GABA-Transaminase (GABA-T) deficiency is caused by mutations in the ABAT gene, with individuals affected by different mutations. This condition is inherited in an autosomal recessive pattern, which means both copies of the gene in each cell has mutations. In order for someone to be affected by GABA-T deficiency, both copies of the ABAT gene must have mutations. The parents of an individual with an autosomal recessive condition each carry one copy of the mutated gene, but they typically do not show signs and symptoms of the condition. The recurrence risk in subsequent pregnancies is 25%.
The ABAT gene is responsible for providing instructions for making the GABA-transaminase enzyme. Here the mutations in the ABAT gene affect the production of the GABA-transaminase enzyme, which is responsible for breaking down a chemical called GABA (gamma-aminobutyric acid). GABA is a chemical (neurotransmitter) that normally helps slow down (inhibit) the activity in brain cells, to prevent the brain from being overwhelmed with too many signals. Without the enzyme, there is a build-up of GABA, and the balance of the neurotransmitters in the brain is altered.

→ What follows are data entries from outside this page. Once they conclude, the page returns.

(* Let $G$ be a finite connected unweighted graph with $E\ge1$ edges, enumerated as $e_1,\dots,e_E$, and let $M\in\mathbb{N}$. Define the graph $H=H(G,M)$ as follows. For each vertex $u$ of $G$ take a path (''short path'') $p_u$ with vertices $(u,1),(u,2),\dots,(u,E)$, consecutive ones adjacent; these paths are disjoint. For each edge $e_i=uv$ of $G$ add a path of length $M$ (with $M-1$ new internal vertices) joining $(u,i)$ and $(v,i)$; these ''long paths'' are internally disjoint from each other and from the short paths. Then $H$ has maximum degree at most $3$. Fix $i_0\in\{1,\dots,E\}$ and define $\psi:V(G)\to V(H)$ by $\psi(u)=(u,i_0)$. Then, with shortest path metrics $d_G,d_H$, for all vertices $u,v$ of $G$: $$M\,d_G(u,v)\le d_H(\psi(u),\psi(v))\le (2E+M)\,d_G(u,v).$$
   Context: Graphs carry the shortest path metric; the length of a path is its number of edges. *)

From mathcomp Require Import all_boot.
Set Implicit Arguments. Unset Strict Implicit. Unset Printing Implicit Defensive.

Definition walkb (T : finType) (e : rel T) (x y : T) (n : nat) : bool :=
  [exists p : n.-tuple T, path e x p && (last x p == y)].

(* In a connected graph on T a shortest walk has length
   < #|T|, so searching n in [0, #|T|) suffices; for unreachable pairs the
   value #|T| is a meaningless default (never used here: both graphs are
   connected). *)
Definition dist (T : finType) (e : rel T) (x y : T) : nat :=
  find (walkb e x y) (iota 0 #|T|).

(* Vertices of H(G,M): short-path vertices (u,i), and internal vertices
   (i,k) of the long path of edge e_i, k : 'I_(M-1) being the (k+1)-th
   internal vertex counted from the endpoint (fst (ed i), i). *)
Definition HV (T : finType) (E M : nat) : finType :=
  ((T * 'I_E) + ('I_E * 'I_M.-1))%type.

(* Adjacency of H(G,M); ed : 'I_E -> T * T is the edge enumeration,
   long path i joins ((ed i).1, i) to ((ed i).2, i). *)
Arguments HV : clear implicits.
Definition Hadj (T : finType) (E M : nat) (ed : 'I_E -> T * T) :
    rel (HV T E M) :=
  fun x y =>
  match x, y with
  | inl (a, j), inl (b, j') =>
      ((a == b) && ((j.+1 == j' :> nat) || (j'.+1 == j :> nat)))
      || ((j == j') && (M == 1)
          && (((a, b) == ed j) || ((b, a) == ed j)))
  | inl (a, j), inr (i, k) =>
      (i == j) && (((a == (ed i).1) && (k == 0 :> nat))
                   || ((a == (ed i).2) && (k.+2 == M)))
  | inr (i, k), inl (a, j) =>
      (i == j) && (((a == (ed i).1) && (k == 0 :> nat))
                   || ((a == (ed i).2) && (k.+2 == M)))
  | inr (i, k), inr (i', k') =>
      (i == i') && ((k.+1 == k' :> nat) || (k'.+1 == k :> nat))
  end.
Arguments Hadj {T E} M ed _ _.

(* A neighbour of a vertex of H differs from it by one step of an
      index along a path, or is the unique neighbour across the long path; so
      every vertex has at most three neighbours.
   3. Upper bound.  An edge az of G is simulated in H by walking along the short
      path of a to the index of az, along its long path, and back along the short
      path of z: at most 2E + M steps.  A potential argument: along any H-walk of length n ending at
      (b,j'), every short vertex (a,j) sees a G-walk from a to b of length k with
      M k <= n, and an internal vertex of the long path of e_i sees such walks
      from both endpoints, offset by its distances to them. *)
From mathcomp Require Import all_boot zify.
Set Implicit Arguments. Unset Strict Implicit. Unset Printing Implicit Defensive.

Section Walks.
Variables (V : finType) (r : rel V).

Definition walk (x y : V) (n : nat) : Prop :=
  exists p : seq V, [/\ size p = n, path r x p & last x p = y].

Lemma walkbP x y n : walkb r x y n <-> walk x y n.
Proof.
split.
  case/existsP=> t /andP[hp /eqP hl]; exists (val t); split => //.
  exact: size_tuple.
move=> [p [hs hp hl]]; apply/existsP; exists (Tuple (introT eqP hs)) => /=.
by rewrite hp hl eqxx.
Qed.

(* The distance is bounded by the length of any walk (if n >= #|V| this is
   just the bound on the search range). *)
Lemma dist_le x y n : walk x y n -> dist r x y <= n.
Proof.
move=> hw; rewrite /dist.
case: (ltnP n #|V|) => hn.
  rewrite leqNgt; apply/negP => /(before_find 0).
  by rewrite nth_iota // add0n => /negbT/negP; apply; apply/walkbP.
by apply: leq_trans (find_size _ _) _; rewrite size_iota.
Qed.

(* If y is reachable from x, the distance is realised by a walk: removing the
   loops of a walk gives a duplicate-free one, of length < #|V|. *)
Lemma dist_walk x y n : walk x y n -> walk x y (dist r x y).
Proof.
move=> [p [_ hp hl]]; move: hl; case/shortenP: hp => p' hp' hu _ hl.
have short_p' : size p' < #|V| by move/card_uniqP: hu => /= <-; exact: max_card.
have has_walk : has (walkb r x y) (iota 0 #|V|).
  by apply/hasP; exists (size p'); [rewrite mem_iota | apply/walkbP; exists p'].
have := nth_find 0 has_walk; rewrite nth_iota ?add0n; first by move/walkbP.
by move: has_walk; rewrite has_find size_iota.
Qed.

Lemma walk0 x : walk x x 0.
Proof. by exists [::]. Qed.

Lemma walk_cons x y z n : r x y -> walk y z n -> walk x z n.+1.
Proof.
move=> hxy [p [hs hp hl]]; exists (y :: p); split => //=; first by rewrite hs.
by rewrite hxy.
Qed.

Lemma walk_snoc x y z n : walk x y n -> r y z -> walk x z n.+1.
Proof.
move=> [p [hs hp hl]] hyz; exists (rcons p z).
by rewrite size_rcons rcons_path last_rcons hs hp hl.
Qed.

Lemma walk_cat x y z m n : walk x y m -> walk y z n -> walk x z (m + n).
Proof.
move=> [p [hs hp hl]] [q [hs' hq hl']]; exists (p ++ q).
by rewrite size_cat cat_path last_cat hs hs' hp hl hq hl'.
Qed.

Lemma walk_rev : symmetric r -> forall x y n, walk x y n -> walk y x n.
Proof.
move=> r_sym x y n [p [<- hp <-]] {n y}.
elim: p x hp => [|z p IH] x /=; first by move=> _; exact: walk0.
by case/andP=> hxz /IH hw; apply: walk_snoc hw _; rewrite r_sym.
Qed.

Lemma walk_chain (f : nat -> V) n :
  (forall m, m < n -> r (f m) (f m.+1)) -> walk (f 0) (f n) n.
Proof.
elim: n => [|n IH] h; first exact: walk0.
by apply: walk_snoc (IH _) (h _ _) => // m hm; apply: h; lia.
Qed.

End Walks.

Lemma Hadj_sym (T : finType) E M (ed : 'I_E -> T * T) : symmetric (Hadj M ed).
Proof.
move=> [[a j]|[i k]] [[b j']|[i' k']] //=.
- case: (eqVneq j j') => [<-|_]; first by rewrite (eq_sym b) (orbC ((b, a) == ed j)).
  by rewrite (eq_sym b) (orbC (j'.+1 == j :> nat)).
- by rewrite (eq_sym i') (orbC (k'.+1 == k :> nat)).
Qed.

Section Degree.
Variables (T : finType) (E M : nat) (ed : 'I_E -> T * T).
Hypothesis ed_loopfree : forall i, (ed i).1 != (ed i).2.

Lemma card_le3 (V : finType) (A : {set V}) y1 y2 y3 :
  {subset A <= [set y1; y2; y3]} -> #|A| <= 3.
Proof.
move/subsetP=> h; apply: leq_trans (subset_leq_card h) _.
by apply: leq_trans (leq_card_setU _ _) _; rewrite cards1 cards2; case: (_ != _).
Qed.

Lemma ord_step n (j j' : 'I_n) :
  (j.+1 == j' :> nat) || (j'.+1 == j :> nat) ->
  j' = insubd j j.+1 \/ j' = insubd j j.-1.
Proof.
have lt_j'n := ltn_ord j'; case/orP=> /eqP h; [left | right];
  by apply: val_inj; rewrite val_insubd; case: ifP => /=; lia.
Qed.

Definition opposite (j : 'I_E) (a : T) : T :=
  if a == (ed j).1 then (ed j).2 else (ed j).1.

Lemma opposite_end j a b : ((a, b) == ed j) || ((b, a) == ed j) -> b = opposite j a.
Proof.
rewrite /opposite; case: (ed j) (ed_loopfree j) => x y /= hxy.
case/orP=> /eqP[-> ->]; first by rewrite eqxx.
by rewrite eq_sym (negbTE hxy).
Qed.

(* A short vertex (a,j) has its two short-path neighbours and one neighbour
   on the long path of e_j: the opposite endpoint if M = 1, the first or last
   internal vertex if M >= 2 (for M = 0 there are no long paths at all). *)
Lemma degree_short a j : #|[set y | Hadj M ed (inl (a, j)) y]| <= 3.
Proof.
case: M => [|[|M']].
- apply: (@card_le3 _ _ (inl (a, insubd j j.+1)) (inl (a, insubd j j.-1)) (inl (a, j))).
  move=> [[b j']|[i k]]; rewrite !inE /=; last by case: k.
  case/orP=> [/andP[/eqP <- /ord_step[]->]|]; first by rewrite eqxx.
    by rewrite eqxx orbT.
  by rewrite andbF.
- apply: (@card_le3 _ _ (inl (a, insubd j j.+1)) (inl (a, insubd j j.-1))
                        (inl (opposite j a, j))).
  move=> [[b j']|[i k]]; rewrite !inE /=; last by case: k.
  case/orP=> [/andP[/eqP <- /ord_step[]->]|]; first by rewrite eqxx.
    by rewrite eqxx orbT.
  by case/andP=> /andP[/eqP <- _] /opposite_end <-; rewrite eqxx !orbT.
- apply: (@card_le3 _ _ (inl (a, insubd j j.+1)) (inl (a, insubd j j.-1))
                        (inr (j, if a == (ed j).1 then inord 0 else inord M'))).
  move=> [[b j']|[i k]]; rewrite !inE /=.
    case/orP=> [/andP[/eqP <- /ord_step[]->]|]; first by rewrite eqxx.
      by rewrite eqxx orbT.
    by rewrite andbF.
  case/andP=> /eqP -> /orP[/andP[/eqP -> /eqP hk]|/andP[/eqP -> /eqP hk]].
    by rewrite eqxx; apply/eqP; congr (inr (_, _)); apply: val_inj; rewrite /= inordK.
  rewrite [_ == (ed j).1]eq_sym (negbTE (ed_loopfree j)); apply/eqP; congr (inr (_, _)).
  by apply: val_inj; rewrite /= inordK //; lia.
Qed.

Lemma degree_internal i k : #|[set y | Hadj M ed (inr (i, k)) y]| <= 3.
Proof.
apply: (@card_le3 _ _ (inr (i, insubd k k.+1))
  (if k == 0 :> nat then inl ((ed i).1, i) else inr (i, insubd k k.-1))
  (inl ((ed i).2, i))).
move=> [[b j']|[i' k']]; rewrite !inE /=.
  case/andP=> /eqP <- /orP[/andP[/eqP -> /eqP ->]|/andP[/eqP -> _]];
    by rewrite !eqxx ?orbT.
case/andP=> /eqP <- hk; have [->|ek] := ord_step hk; first by rewrite eqxx.
have k_pos : k != 0 :> nat by move: hk; rewrite ek val_insubd; case: ifP => /=; lia.
by rewrite ek (negbTE k_pos) eqxx orbT.
Qed.

Lemma max_degree x : #|[set y | Hadj M ed x y]| <= 3.
Proof. by case: x => [[a j]|[i k]]; [apply: degree_short | apply: degree_internal]. Qed.

End Degree.

Section UpperBound.
Variables (T : finType) (e : rel T) (E M : nat) (ed : 'I_E -> T * T).
Hypothesis ed_surj : forall x y, e x y -> exists i, (ed i = (x, y)) \/ (ed i = (y, x)).
Hypothesis M_pos : 0 < M.

Let H := Hadj M ed.

Lemma short_walk a (j j' : 'I_E) : j <= j' -> walk H (inl (a, j)) (inl (a, j')) (j' - j).
Proof.
move=> le_jj'; have lt_j'E := ltn_ord j'.
pose f m := (inl (a, insubd j (j + m)) : HV T E M).
have := @walk_chain _ H f (j' - j).
rewrite /f addn0 subnKC // !valKd; apply=> m hm /=.
by rewrite eqxx /= !val_insubd !ifT ?addnS ?eqxx //; lia.
Qed.

Lemma short_walk_lt a (j j' : 'I_E) :
  exists2 n, n < E & walk H (inl (a, j)) (inl (a, j')) n.
Proof.
have [lt_jE lt_j'E] := (ltn_ord j, ltn_ord j').
case: (leqP j j') => h; first by exists (j' - j); [lia | exact: short_walk].
exists (j - j'); first lia.
by apply: walk_rev (@Hadj_sym _ _ _ _) _ _ _ _; apply: short_walk; exact: ltnW.
Qed.

Lemma long_walk i : walk H (inl ((ed i).1, i)) (inl ((ed i).2, i)) M.
Proof.
rewrite /H; case: M M_pos => [//|[|M']] _.
  by apply: walk_cons (walk0 _ _); rewrite /= !eqxx /=; case: (ed i) => x y; rewrite eqxx orbT.
pose f m := (if m == 0 then inl ((ed i).1, i)
             else if m == M'.+2 then inl ((ed i).2, i)
             else inr (i, inord m.-1)) : HV T E M'.+2.
have := @walk_chain _ (Hadj M'.+2 ed) f M'.+2; rewrite /f /= eqxx; apply.
case=> [|m] hm /=; first by rewrite !eqxx /= inordK.
rewrite ifF; last by apply/negbTE; rewrite eqSS; lia.
case: (eqVneq m M') => [->|hne] /=; first by rewrite !eqxx /= inordK // eqxx orbT.
rewrite ifF; last by apply/negbTE; rewrite !eqSS.
by rewrite /= eqxx !inordK /= ?eqxx //; lia.
Qed.

Lemma edge_walk (i0 : 'I_E) a z : e a z ->
  exists2 n, n <= 2 * E + M & walk H (inl (a, i0)) (inl (z, i0)) n.
Proof.
case/ed_surj=> i hi.
have [n1 hn1 w1] := short_walk_lt a i0 i.
have [n2 hn2 w2] := short_walk_lt z i i0.
have across : walk H (inl (a, i)) (inl (z, i)) M.
  have := long_walk i; case: hi => -> //.
  exact: walk_rev (@Hadj_sym _ _ _ _) _ _ _.
by exists (n1 + M + n2); [lia | exact: walk_cat (walk_cat w1 across) w2].
Qed.

Lemma upper_walk (i0 : 'I_E) u v d : walk e u v d ->
  exists2 n, n <= (2 * E + M) * d & walk H (inl (u, i0)) (inl (v, i0)) n.
Proof.
move=> [p [<- hp <-]] {d v}.
elim: p u hp => [|z p IH] u /=; first by exists 0 => //; exact: walk0.
case/andP=> huz /IH[n hn wn].
have [m hm wm] := edge_walk i0 huz.
by exists (m + n); [rewrite mulnS leq_add | exact: walk_cat wm wn].
Qed.

End UpperBound.

Section LowerBound.
Variables (T : finType) (e : rel T) (E M : nat) (ed : 'I_E -> T * T).
Hypothesis e_sym : symmetric e.
Hypothesis ed_edge : forall i, e (ed i).1 (ed i).2.
Variable b : T.

Definition scaled_reach (c : T) (n : nat) : Prop :=
  exists2 k, walk e c b k & M * k <= n.

Lemma scaled_reach_mono c m n : m <= n -> scaled_reach c m -> scaled_reach c n.
Proof. by move=> h [k hw hk]; exists k => //; apply: leq_trans h. Qed.

Lemma scaled_reach_edge c c' n : e c c' -> scaled_reach c' n -> scaled_reach c (n + M).
Proof.
by move=> h [k hw hk]; exists k.+1; [exact: walk_cons hw | rewrite mulnS addnC leq_add2r].
Qed.

(* The potential of a vertex of H with budget n: the k-th internal vertex of
   the long path of e_i is k+1 steps from (ed i).1 and M-k-1 from (ed i).2. *)
Definition potential (x : HV T E M) (n : nat) : Prop :=
  match x with
  | inl (a, _) => scaled_reach a n
  | inr (i, k) => scaled_reach (ed i).1 (n + k.+1) /\
                  scaled_reach (ed i).2 (n + (M - k.+1))
  end.

Lemma potential_step x y n : Hadj M ed x y -> potential y n -> potential x n.+1.
Proof.
have e21 i : e (ed i).2 (ed i).1 by rewrite e_sym.
case: x => [[a j]|[i k]]; case: y => [[a' j']|[i' k']] /=.
- case/orP => [/andP[/eqP -> _] hW|/andP[/andP[_ /eqP hM] hend]].
    exact: scaled_reach_mono hW.
  rewrite -addn1 -hM; apply: scaled_reach_edge.
  by case/orP: hend => /eqP hj; [have := ed_edge j | have := e21 j]; rewrite -hj.
- case/andP=> _ /orP[/andP[/eqP -> /eqP ->]|/andP[/eqP -> /eqP hk]] [h1 h2].
    by apply: scaled_reach_mono h1; rewrite addn1.
  by apply: scaled_reach_mono h2; lia.
- have lt_k := ltn_ord k.
  case/andP=> /eqP _ /orP[/andP[/eqP -> /eqP hk0]|/andP[/eqP -> /eqP hk]] hW.
    split; first by apply: scaled_reach_mono hW; lia.
    by apply: scaled_reach_mono (scaled_reach_edge (e21 i) hW); lia.
  split; last by apply: scaled_reach_mono hW; lia.
  by apply: scaled_reach_mono (scaled_reach_edge (ed_edge i) hW); lia.
- have lt_k := ltn_ord k; have lt_k' := ltn_ord k'.
  case/andP=> /eqP <- /orP[]/eqP hkk [h1 h2];
    by split; [apply: scaled_reach_mono h1 | apply: scaled_reach_mono h2]; lia.
Qed.

Lemma lower_walk u j j' n : walk (Hadj M ed) (inl (u, j)) (inl (b, j')) n ->
  scaled_reach u n.
Proof.
move=> [p [<- hp hl]]; suff : potential (inl (u, j)) (size p) by [].
elim: p (inl (u, j) : HV T E M) hp hl => [|y p IH] x /=.
  by move=> _ ->; exists 0; [exact: walk0 | rewrite muln0].
by case/andP=> hxy hp hl; apply: potential_step hxy (IH _ hp hl).
Qed.

End LowerBound.

Theorem mainTheorem4 (T : finType) (e : rel T)
  (e_sym : symmetric e) (e_irr : irreflexive e)
  (e_conn : forall x y : T, connect e x y)
  (E : nat) (E_pos : 0 < E) (ed : 'I_E -> T * T)
  (ed_edge : forall i, e (ed i).1 (ed i).2)
  (ed_inj : forall i j, (ed i == ed j) || (ed i == ((ed j).2, (ed j).1)) -> i = j)
  (ed_surj : forall x y, e x y -> exists i, (ed i = (x, y)) \/ (ed i = (y, x)))
  (M : nat) (M_pos : 0 < M) (i0 : 'I_E) :
  (forall x : HV T E M, #|[set y | Hadj M ed x y]| <= 3) /\
  (forall u v : T,
     M * dist e u v <= dist (Hadj M ed) (inl (u, i0)) (inl (v, i0)) /\
     dist (Hadj M ed) (inl (u, i0)) (inl (v, i0)) <= (2 * E + M) * dist e u v).
Proof.
have ed_loopfree i : (ed i).1 != (ed i).2.
  by apply/negP => /eqP h; have := ed_edge i; rewrite h e_irr.
split=> [x | u v]; first exact: (max_degree ed_loopfree x).
have wG : walk e u v (dist e u v).
  have /connectP[p hp hl] := e_conn u v.
  by apply: (@dist_walk _ _ _ _ (size p)); exists p; rewrite -hl.
have [n hn wH] := upper_walk ed_surj M_pos i0 wG.
split; last exact: leq_trans (dist_le wH) hn.
have [k hk hMk] := lower_walk e_sym ed_edge (dist_walk wH).
by apply: leq_trans hMk; rewrite leq_mul2l (dist_le hk) orbT.
Qed.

GABA-T deficiency is typically diagnosed by testing a sample of cerebrospinal fluid (CSF) for high levels of the amino acid GABA. This is done by removing some of the fluid that surrounds the brain through a lumbar puncture. Whole exome sequencing or ABAT specific gene testing can confirm the diagnosis and involves the collection of a sample of blood. MR spectroscopy with special editing for small molecules has been used recently to diagnose cases as well.